Monday, December 1st

Performance is in red, Competition is in blue, Accessory work is in orange

Strength: A) Every 90 seconds, for 6 minutes (4 sets): Goblet squats x 10-15 reps
B) Every 90 seconds, for 6 minutes (4 sets): Seated Dumbbell press x 10-12 reps
C)Every 3 minutes, for 9 minutes (3 sets):  AbMat situps × 18-25

WOD: 5 sets for reps
30 seconds Russian swings – 55/35#
Rest 30 seconds
30 seconds Row/Airdyne for calories 
Rest 30 seconds

Strength: A) Every 2 minutes, for 10 minutes (5 sets):
Back Squat
*Set 1 – 6 reps @ 65%
*Set 2 – 4 reps @ 75%
*Set 3 – 2 reps @ 85%
*Set 4 – 2 reps @ 90%
*Set 5 – 1 rep @ 95%
followed by…
One set of:
Back Squat x Max Unbroken Reps @ 87%
(athletes are allowed only on full breathing cycle at the top of the lift – exhale, inhale, brace and descend – once more rest is taken at the top, the set is over)

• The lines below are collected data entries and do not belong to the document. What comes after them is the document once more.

Lemma sum_count_eq_size (T V : eqType) (f : T -> V) (r : seq V) (s : seq T) :
  uniq r -> {in s, forall i, f i \in r} ->
  (\sum_(v <- r) count (fun i => f i == v) s)%N = size s.
Proof.
move=> r_uniq; elim: s => [|i s IHs] f_r /=; first by rewrite big1.
rewrite big_split /= IHs => [|j js]; last by apply: f_r; rewrite inE js orbT.
by rewrite sum_eq_mem // f_r ?mem_head.
Qed.

Definition bucket_tree (b : nat) (t : btree) : Prop :=
  [/\ (0 < size t)%N,
      forall v, (v < size t)%N -> (0 < cap t v <= b)%N &
      forall v, (0 < v < size t)%N -> (par t v < size t)%N /\ cap t (par t v) = b].

Lemma tsizeE (t : btree) : Defs.tsize t = (\sum_(v <- iota 0 (size t)) cap t v)%N.
Proof. by rewrite /Defs.tsize sumnE big_map -{1}(mkseq_nth (0, 0)%N t) /mkseq big_map. Qed.

Lemma count_nodesE (P : pred (nat * nat)) (t : btree) :
  count P t = count (fun v => P (nth (0, 0)%N t v)) (iota 0 (size t)).
Proof. by rewrite -{1}(mkseq_nth (0, 0)%N t) /mkseq count_map. Qed.

Section BucketTree.

Variables (b : nat) (t : btree).
Hypothesis t_bucket : bucket_tree b t.

Lemma outdeg_unsaturated v : (cap t v < b)%N -> outdeg t v = 0%N.
Proof.
case: t_bucket => _ _ par_sat cap_v; apply/eqP; rewrite -leqn0 leqNgt -has_count.
apply/hasP => -[i]; rewrite mem_iota => i_t /eqP par_i.
by have [_] := par_sat i ltac:(lia); rewrite par_i => cap_b; rewrite cap_b ltnn in cap_v.
Qed.

Lemma tsize_gt0 : (0 < Defs.tsize t)%N.
Proof.
case: t_bucket => t_gt0 cap_t _; rewrite tsizeE -(prednK t_gt0) big_cons.
by rewrite ltn_addr //; case/andP: (cap_t 0 t_gt0).
Qed.

Lemma sum_outdeg : (\sum_(v <- iota 0 (size t)) outdeg t v)%N = (size t).-1.
Proof.
case: t_bucket => t_gt0 _ par_sat.
rewrite sum_count_eq_size ?iota_uniq ?size_iota // => i; rewrite !mem_iota => i_t.
by have [] := par_sat i ltac:(lia); lia.
Qed.

Lemma sum_count_cap :
  (\sum_(1 <= j < b.+1) count (fun x => x.1 == j) t)%N = size t.
Proof.
case: t_bucket => _ cap_t _.
under eq_bigr do rewrite count_nodesE.
rewrite sum_count_eq_size ?iota_uniq ?size_iota // => v.
by rewrite !mem_iota add0n subn1 add1n ltnS => /andP[_ /cap_t].
Qed.

End BucketTree.

Lemma cap_newnode b t v : (v < size t)%N ->
  cap (grow b t v) (newnode b t v) = if (cap t v < b)%N then (cap t v).+1 else 1%N.
Proof.
move=> v_t; rewrite /grow /newnode /cap; case: ifP => _.
  by rewrite nth_set_nth /= eqxx.
by rewrite nth_rcons ltnn eqxx.
Qed.

Lemma tsize_grow b t v : (v < size t)%N -> Defs.tsize (grow b t v) = (Defs.tsize t).+1.
Proof.
move=> v_t; rewrite /grow; case: ifP => _; last first.
  by rewrite /Defs.tsize map_rcons sumn_rcons /= addn1.
rewrite !tsizeE size_set_nth (maxn_idPr v_t).
rewrite (eq_bigr (fun i => cap t i + (v == i))%N) => [|i _]; last first.
  by rewrite /cap nth_set_nth /= eq_sym; case: eqP => [->|]; rewrite ?addn1 ?addn0.
by rewrite big_split /= sum_eq_mem ?iota_uniq ?mem_iota // add0n v_t addn1.
Qed.

Section Grow.

Variables (b : nat) (t : btree) (v : nat).
Hypotheses (t_bucket : bucket_tree b t) (v_t : (v < size t)%N).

B) On the minute, for 3 minutes:
Tall Jerks x 3 reps
Immediately followed by…
Six sets of:
Jerk with Pause x 2 reps
(Dip and hold for 2 seconds at the bottom of the dip, then drive.)
Rest as needed
Increase by 5% on last weeks results. Use Jerk Blocks if possible.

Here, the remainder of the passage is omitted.